• _The problem_: The range starts at the line containing "by move: (far_q" and ends at the last line of the records below. Reproduce those lines exactly.

————————

(* There is a constant $c > 0$ such that every chordal graph on $n$ vertices has at least $c \cdot 2^n$ perfect elimination orderings; that is, the number of perfect elimination orderings of an $n$-vertex chordal graph is $\Omega(2^n)$.
   Context: A graph is chordal if every cycle of length at least 4 has a chord (an edge joining two non-consecutive vertices of the cycle). A vertex is simplicial if its neighbourhood is a clique. A perfect elimination ordering (PEO) of a graph $G$ is an ordering $(v_1, \ldots, v_n)$ of $V(G)$ such that for each $i$, the set of neighbours of $v_i$ in the subgraph induced by $\{v_i, v_{i+1}, \ldots, v_n\}$ is a clique. *)

From Stdlib Require Export Reals.
From mathcomp Require Import all_boot.
From mathcomp Require Import perm.
Set Implicit Arguments. Unset Strict Implicit. Unset Printing Implicit Defensive.

(* A simple graph on vertex set 'I_n: a symmetric irreflexive relation e. *)

Definition is_graph_cycle (n : nat) (e : rel 'I_n) (c : seq 'I_n) : Prop :=
  uniq c /\ cycle e c.

Definition cyc_consecutive (k i j : nat) : bool :=
  (j == i.+1) || ((i == 0) && (j == k.-1)).

Definition has_chord (n : nat) (e : rel 'I_n) (c : seq 'I_n) : Prop :=
  exists x y : 'I_n, [/\ x \in c, y \in c, index x c < index y c,
                        ~~ cyc_consecutive (size c) (index x c) (index y c) &
                        e x y].

Definition chordal (n : nat) (e : rel 'I_n) : Prop :=
  forall c : seq 'I_n, is_graph_cycle e c -> 4 <= size c -> has_chord e c.

(* An ordering (v_0, ..., v_{n-1}) of the vertices is encoded by the
   bijection s : 'I_n -> 'I_n, v_i = s i. *)
Definition is_peo (n : nat) (e : rel 'I_n) (s : {perm 'I_n}) : bool :=
  [forall i : 'I_n, forall j : 'I_n, forall k : 'I_n,
     [&& i < j, i < k, j != k, e (s i) (s j) & e (s i) (s k)] ==> e (s j) (s k)].

Definition num_peo (n : nat) (e : rel 'I_n) : nat :=
  #|[set s : {perm 'I_n} | is_peo e s]|.

(* Dirac's lemma: every induced subgraph of a chordal graph is complete or has
   two non-adjacent simplicial vertices, so any induced subgraph with at least
   two vertices has two distinct simplicial vertices.  Choosing either of them
   as the next vertex to eliminate and recursing on the remaining (still
   chordal) induced subgraph gives at least 2^(n-1) distinct perfect
   elimination orderings.

   For Dirac's lemma, let u be a non-neighbour of a, let C be the component of
   u in the subgraph induced by the non-neighbours of a, and S the vertices
   outside C with a neighbour in C.  Every vertex of S is adjacent to a, and S
   is a clique: two non-adjacent vertices of S, joined through C and through a,
   would yield (after short-cutting chords) a chordless cycle of length at
   least 4.  Induction on C :|: S, which misses a, then provides a simplicial
   vertex in C, and it stays simplicial in the whole set since all its
   neighbours lie in C :|: S. *)

From Stdlib Require Import Reals Lra.
From mathcomp Require Import all_boot perm zify.
Set Implicit Arguments. Unset Strict Implicit. Unset Printing Implicit Defensive.

Section ChordlessPaths.

Variables (T : eqType) (e : rel T).

Lemma sorted_shortcut x0 (s : seq T) i j : sorted e s -> i < j -> j < size s ->
  e (nth x0 s i) (nth x0 s j) -> sorted e (take i.+1 s ++ drop j s).
Proof.
move=> e_s lt_ij lt_js e_ij.
have e_take := take_sorted i.+1 e_s; have e_drop := drop_sorted j e_s.
rewrite (take_nth x0) ?(ltn_trans lt_ij) // (drop_nth x0) // in e_take e_drop *.
by rewrite cat_rcons sorted_cat_cons e_take /= e_ij.
Qed.

Definition chordless (s : seq T) : bool :=
  allrel (fun u w => ((index u s).+1 < index w s) ==> ~~ e u w) s s.

Lemma chordless_subpath x p : path e x p -> uniq (x :: p) ->
  exists q, [/\ path e x q, subseq q p, last x q = last x p & chordless (x :: q)].
Proof.
have [k] := ubnP (size p); elim: k p => // k IH p lt_pk e_p u_p.
case cl_p: (chordless (x :: p)); first by exists p.
set t := x :: p in u_p cl_p.
have [u t_u [w t_w]] : exists2 u, u \in t & exists2 w, w \in t &
    (index u t).+1 < index w t /\ e u w.
  move/negbT/allPn: cl_p => [u t_u /allPn[w t_w]].
  rewrite negb_imply negbK => /andP[lt_uw e_uw].
  by exists u => //; exists w.
set i := index u t; set j := index w t; case=> lt_ij e_uw.
have lt_jt : j < size t by rewrite index_mem.
pose q := take i p ++ drop j t.
have qE : x :: q = take i.+1 t ++ drop j t by [].
have sub_q : subseq (x :: q) t.
  rewrite qE -[X in subseq _ X](cat_take_drop i.+1 t); apply: cat_subseq => //.
  by rewrite -(subnK (ltnW lt_ij)) -drop_drop drop_subseq.
have lt_qk : size q < k.
  by rewrite size_cat size_take size_drop /= in lt_jt *; case: ifP; lia.
have e_q : path e x q.
  rewrite -[path e x q]/(sorted e (x :: q)) qE.
  apply: (sorted_shortcut (x0 := x)) (e_p : sorted e t) (ltnW lt_ij) lt_jt _.
  by rewrite /i /j !nth_index.
have [q' [e_q' sub_q' last_q' cl_q']] := IH q lt_qk e_q (subseq_uniq sub_q u_p).
exists q'; split => //.
- by apply: subseq_trans sub_q' _; move: sub_q; rewrite /= eqxx.
- rewrite last_q' -[last x p]/(last x t) -[in RHS](cat_take_drop j t).
  by rewrite !last_cat (drop_nth x lt_jt).
Qed.

Lemma index_rcons_in (s : seq T) a v : v \in s -> index v (rcons s a) = index v s.
Proof. by move=> s_v; rewrite -cats1 index_cat s_v. Qed.

Lemma index_rcons_notin (s : seq T) a : a \notin s -> index a (rcons s a) = size s.
Proof. by move=> /negbTE s_a; rewrite -cats1 index_cat s_a /= eqxx addn0. Qed.

End ChordlessPaths.

Section Chordal.

Variable n : nat.
Local Notation T := 'I_n.
Variable e : rel T.
Hypothesis esym : symmetric e.
Hypothesis eirr : irreflexive e.
Hypothesis ech : chordal e.

Lemma chordless_path_closing a x y q :
  path e x q -> last x q = y -> uniq (x :: q) -> chordless e (x :: q) -> x != y ->
  a \notin x :: q -> e a x -> e a y -> {in q, forall z, z != y -> ~~ e a z} ->
  e x y.
Proof.
move=> e_q last_q u_q cl_q x_ne_y q_a e_ax e_ay far_q.
case e_xy: (e x y) => //.
(* Otherwise [rcons (x :: q) a] is a chordless cycle of length at least 4. *)
have size_q : 1 < size q.
  move: x_ne_y e_xy e_q; rewrite -last_q.
  case: q {u_q cl_q q_a far_q last_q} => [|z [|? ?]] //=; first by rewrite eqxx.
  by move=> _ ->.
set s := x :: q in u_q cl_q q_a.
have cycle_c : is_graph_cycle e (rcons s a).
  split; first by rewrite rcons_uniq q_a u_q.
  by rewrite /s /= !rcons_path last_rcons e_q last_q (esym y) e_ay e_ax.
have size_c : size (rcons s a) = (size q).+2 by rewrite size_rcons.
have long_c : 4 <= size (rcons s a) by rewrite size_c.
have [u [w [c_u c_w lt_uw ncons e_uw]]] := ech cycle_c long_c.
have index_y : index y s = size q.
  by rewrite -last_q -[last x q]/(last x s) -nth_last index_uniq.
have index_a : index a (rcons s a) = (size q).+1 by rewrite index_rcons_notin.
have index_s v : v \in s -> index v s < (size q).+1 by rewrite -index_mem.
rewrite /cyc_consecutive size_c in ncons.
move: c_u c_w lt_uw ncons e_uw; rewrite !mem_rcons !(in_cons a).
case/predU1P=> [-> | s_u]; case/predU1P=> [-> | s_w].
- by rewrite ltnn.
- by rewrite index_a index_rcons_in // => /(ltn_trans (index_s w s_w)); rewrite ltnn.
- rewrite index_a index_rcons_in // eqxx andbT => _ /norP[/eqP u_ne_y /eqP u_ne_x] e_ua.
  have q_u : u \in q.
    move: s_u; rewrite in_cons => /predU1P[u_x|//].
    by move: u_ne_x; rewrite u_x /s /= eqxx.
  have u_ne_y' : u != y by apply/eqP => u_y; apply: u_ne_y; rewrite u_y index_y.
  by move: (far_q u q_u u_ne_y'); rewrite esym e_ua.
- rewrite !index_rcons_in // => lt_uw' /norP[ncons _] e_uw.
  have lt : (index u s).+1 < index w s by rewrite ltn_neqAle eq_sym ncons lt_uw'.
  by move/allrelP: cl_q => /(_ u w s_u s_w); rewrite lt e_uw.
Qed.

————————

• _Answer to the problem_:
  by move: (far_q u q_u u_ne_y'); rewrite esym e_ua.
- rewrite !index_rcons_in // => lt_uw' /norP[ncons _] e_uw.
  have lt : (index u s).+1 < index w s by rewrite ltn_neqAle eq_sym ncons lt_uw'.
  by move/allrelP: cl_q => /(_ u w s_u s_w); rewrite lt e_uw.
Qed.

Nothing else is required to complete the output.